═════ SUPPLIED ENTRIES ═════

Lemma s_holomorphic_strip_orthogonal (F G : C -> C) (la mu : R) :
  a' < b' -> s_holomorphic a' b' F -> s_holomorphic a' b' G ->
  (forall x, a' <= x < b' -> F (hedge R x 1) = la%:C * F (hedge R x 0)) ->
  (forall x, a' <= x < b' -> G (hedge R x 1) = mu%:C * G (hedge R x 0)) ->
  riemann_bv a' b' F -> riemann_bv a' b' G ->
  (mu - la) * Re (\sum_(j < absz (b' - a'))
      F (hedge R (a' + j%:Z) 0) * (G (hedge R (a' + j%:Z) 0))^*) = 0.
Proof.
move=> ab hF hG topF topG bvF bvG.
have b'E : a' + (absz (b' - a'))%:Z = b'.
  by rewrite gtz0_abs ?subr_gt0 // [a' + _]addrC subrK.
pose flux (j : nat) :=
  Im (F (vedge R (a' + j%:Z) 0) * (G (vedge R (a' + j%:Z) 0))^*).
rewrite raddf_sum mulr_sumr /=.
rewrite -(big_mkord xpredT (fun j => (mu - la) *
  Re (F (hedge R (a' + j%:Z) 0) * (G (hedge R (a' + j%:Z) 0))^*))).
rewrite (telescope_sumr_eq flux) // => [|j /andP[_ j_lt]].
  rewrite /flux b'E addr0.
  have [[r1 ->] [r2 ->]] := bvF 0; have [[r3 ->] [r4 ->]] := bvG 0.
  by rewrite !Im_mulJ_collinear subrr.
have hj : a' <= a' + j%:Z < b' by apply/andP; split; lia.
by rewrite s_holomorphic_face ?topF ?topG // /flux -addrA -PoszD addn1.
Qed.

End Strip.

Section Eigenvalues.
Variable R : realType.
Local Notation half := (Defs.half R).

Definition transfer_eigenvalue (w : R) : R :=
  2 - cos w + Num.sqrt ((3 - cos w) * (1 - cos w)).

Definition signed_eigenvalue (plus : bool) (w : R) : R :=
  if plus then transfer_eigenvalue w else (transfer_eigenvalue w)^-1.

Lemma transfer_eigenvalue_gt1 (w : R) : 0 < w <= pi -> 1 < transfer_eigenvalue w.
Proof.
case/andP=> w_gt0 w_le; have : cos w < 1.
  by rewrite -cos0 ltr_cos // in_itv /= ?w_le ?(ltW w_gt0) ?lexx ?pi_ge0.
have := sqrtr_ge0 ((3 - cos w) * (1 - cos w)); rewrite /transfer_eigenvalue; lra.
Qed.

Lemma transfer_eigenvalue_lt (w w' : R) :
  0 <= w -> w < w' -> w' <= pi -> transfer_eigenvalue w < transfer_eigenvalue w'.
Proof.
move=> w_ge0 ww' w'_le.
have cos_lt : cos w' < cos w.
  by rewrite ltr_cos // in_itv /= ?w_ge0 ?w'_le ?(le_trans (ltW ww')) ?(le_trans w_ge0 (ltW ww')).
have := cos_le1 w; have := cos_le1 w' => c1 c2.
have : Num.sqrt ((3 - cos w) * (1 - cos w)) <= Num.sqrt ((3 - cos w') * (1 - cos w')).
  by rewrite ler_sqrt; [apply: ler_pM; lra | apply: mulr_ge0; lra].
rewrite /transfer_eigenvalue; lra.
Qed.

Definition in_window (n m : nat) (w : R) : bool :=
  m%:R * pi / n%:R < w < (m%:R + half) * pi / n%:R.

Lemma in_window_0pi (n m : nat) (w : R) : (m < n)%N -> in_window n m w -> 0 < w <= pi.
Proof.
move=> mn /andP[w_gt w_lt]; have n_gt0 : 0 < n%:R :> R by rewrite ltr0n; lia.
apply/andP; split.
  by apply: le_lt_trans w_gt; rewrite !mulr_ge0 ?pi_ge0 ?invr_ge0 ?ler0n.
apply: (le_trans (ltW w_lt)); rewrite ler_pdivrMr // [pi * _]mulrC.
have : m.+1%:R <= n%:R :> R by rewrite ler_nat.
rewrite -natr1 /Defs.half => ?; apply: ler_wpM2r; [exact: pi_ge0 | lra].
Qed.

Lemma in_window_lt (n m m' : nat) (w w' : R) : (m < m')%N ->
  in_window n m w -> in_window n m' w' -> w < w'.
Proof.
move=> mm' /andP[_ w_lt] /andP[w'_gt _]; apply: (lt_trans w_lt); apply: le_lt_trans w'_gt.
rewrite -!mulrA; apply: ler_wpM2r; first by rewrite mulr_ge0 ?pi_ge0 ?invr_ge0 ?ler0n.
have : m.+1%:R <= m'%:R :> R by rewrite ler_nat.
rewrite -natr1 /Defs.half; lra.
Qed.
Lemma norm_series_bounded_rec (u w : nat -> K) (z : K) :
  `|z| < 1 -> (forall k, u k.+1 = z * u k + w k) ->
  norm_series_bounded w -> norm_series_bounded u.
Proof.
move=> z_lt1 u_rec [Bw w_bounded].
exists ((`|u 0| + Bw) / (1 - `|z|)) => N.
rewrite ler_pdivlMr ?subr_gt0 //.
set T := \sum_(k < N) `|u k|.
have T_le : T <= `|u 0| + (`|z| * T + Bw).
  apply: le_trans (_ : \sum_(k < N.+1) `|u k| <= _).
    by rewrite big_ord_recr /= lerDl.
  rewrite big_ord_recl lerD2l /T mulr_sumr.
  apply: le_trans (_ : \sum_(k < N) (`|z| * `|u k| + `|w k|) <= _).
    by apply: ler_sum => k _; rewrite /bump /= u_rec -normrM ler_normD.
  by rewrite big_split /= lerD2l w_bounded.
by rewrite mulrBr mulr1 lerBlDr mulrC addrAC -addrA.
Qed.

(* If N annihilates prod_z (B - z) with all |z| < 1, peeling off one factor
   B - z turns the entries of N B^k into a solution of u_(k+1) = z u_k + w_k
   with w bounded by induction. *)
Lemma norm_series_bounded_mulmx_exp m n (N : 'M[K]_(m, n.+1))
    (B : 'M[K]_n.+1) (zs : seq K) :
  (forall z, z \in zs -> `|z| < 1) -> N *m \prod_(z <- zs) (B - z%:M) = 0 ->
  forall i j, norm_series_bounded (fun k => (N *m B ^+ k) i j).
Proof.
elim: zs N => [|z zs IH] N zs_lt1.
  rewrite big_nil mulmx1 => -> i j; exists 0 => M.
  by rewrite big1 // => k _; rewrite mul0mx mxE normr0.
rewrite big_cons -mulmxE mulmxA => N_annih i j.
apply: (@norm_series_bounded_rec _ (fun k => (N *m (B - z%:M) *m B ^+ k) i j) z).
- by apply: zs_lt1; rewrite inE eqxx.
- move=> k; rewrite mulmxBr mul_mx_scalar mulmxBl -scalemxAl.
  by rewrite -mulmxA mulmxE -exprS !mxE [RHS]addrC subrK.
- by apply: IH N_annih i j => y y_zs; apply: zs_lt1; rewrite inE y_zs orbT.
Qed.

End NormSeriesBounded.

Lemma normr_real_complex (R : rcfType) (x : R) : `|(x%:C)%C| = (`|x|%:C)%C.
Proof. by rewrite normc_def /= expr0n addr0 sqrtr_sqr. Qed.

Section SpectralRadius.
Variables (R : realType) (n : nat) (A : 'M[R]_n.+1).
Hypothesis A_lt1 : spectral_radius_lt1 A.

Lemma spectral_radius_lt1_unitmx : 1 - A \in unitmx.
Proof.
rewrite unitmxE unitfE; apply/negP => /det0P [v v_neq0].
move/eqP; rewrite mulmxBr mulmx1 subr_eq0 => /eqP vA.
have A_eig1 : eigenvalue A 1 by apply/eigenvalueP; exists v; rewrite ?scale1r.
rewrite -(eigenvalue_map (real_complex R)) rmorph1 in A_eig1.
by have := A_lt1 A_eig1; rewrite normr1 ltxx.
Qed.

Lemma spectral_radius_lt1_exp_cvg0 i j : (A ^+ k) i j @[k --> \oo] --> 0.
Proof.
pose B := map_mx (fun x : R => (x%:C)%C) A.
have [zs B_char] := closed_field_poly_normal (char_poly B).
rewrite (monicP (char_poly_monic B)) scale1r in B_char.
have zs_lt1 z : z \in zs -> `|z| < 1.
  by move=> z_zs; apply: A_lt1; rewrite eigenvalue_root_char B_char root_prod_XsubC.
have annih : 1%:M *m \prod_(z <- zs) (B - z%:M) = 0.
  rewrite mul1mx -(Cayley_Hamilton B) B_char rmorph_prod.
  by apply: eq_bigr => z _; rewrite rmorphB /= horner_mx_X horner_mx_C.
have [Bd sum_le] := norm_series_bounded_mulmx_exp zs_lt1 annih i j.
apply: norm_cvg0; apply: (@cvg_series_cvg_0 _ _ (fun k => `|(A ^+ k) i j|)).
apply: nondecreasing_is_cvgn; first exact: nondecreasing_series.
exists (complex.Re Bd) => _ [N _ <-]; rewrite /series /= big_mkord.
move: (sum_le N); rewrite lecE => /andP[_]; apply: le_trans.
suff -> : \sum_(k < N) `|(1%:M *m B ^+ k) i j| =
          ((\sum_(k < N) `|(A ^+ k) i j|)%:C)%C by [].
rewrite rmorph_sum; apply: eq_bigr => k _.
by rewrite mul1mx /B -rmorphXn mxE normr_real_complex.
Qed.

═════

> WORK ORDER
In the data above, which lines lie between the line with "by rewrite gtz0_abs" and the line with "Definition transfer_eigenvalue (w", inclusive? Print those lines exactly and nothing else.

> RESULT FOR THIS EXERCISE
  by rewrite gtz0_abs ?subr_gt0 // [a' + _]addrC subrK.
pose flux (j : nat) :=
  Im (F (vedge R (a' + j%:Z) 0) * (G (vedge R (a' + j%:Z) 0))^*).
rewrite raddf_sum mulr_sumr /=.
rewrite -(big_mkord xpredT (fun j => (mu - la) *
  Re (F (hedge R (a' + j%:Z) 0) * (G (hedge R (a' + j%:Z) 0))^*))).
rewrite (telescope_sumr_eq flux) // => [|j /andP[_ j_lt]].
  rewrite /flux b'E addr0.
  have [[r1 ->] [r2 ->]] := bvF 0; have [[r3 ->] [r4 ->]] := bvG 0.
  by rewrite !Im_mulJ_collinear subrr.
have hj : a' <= a' + j%:Z < b' by apply/andP; split; lia.
by rewrite s_holomorphic_face ?topF ?topG // /flux -addrA -PoszD addn1.
Qed.

End Strip.

Section Eigenvalues.
Variable R : realType.
Local Notation half := (Defs.half R).

Definition transfer_eigenvalue (w : R) : R :=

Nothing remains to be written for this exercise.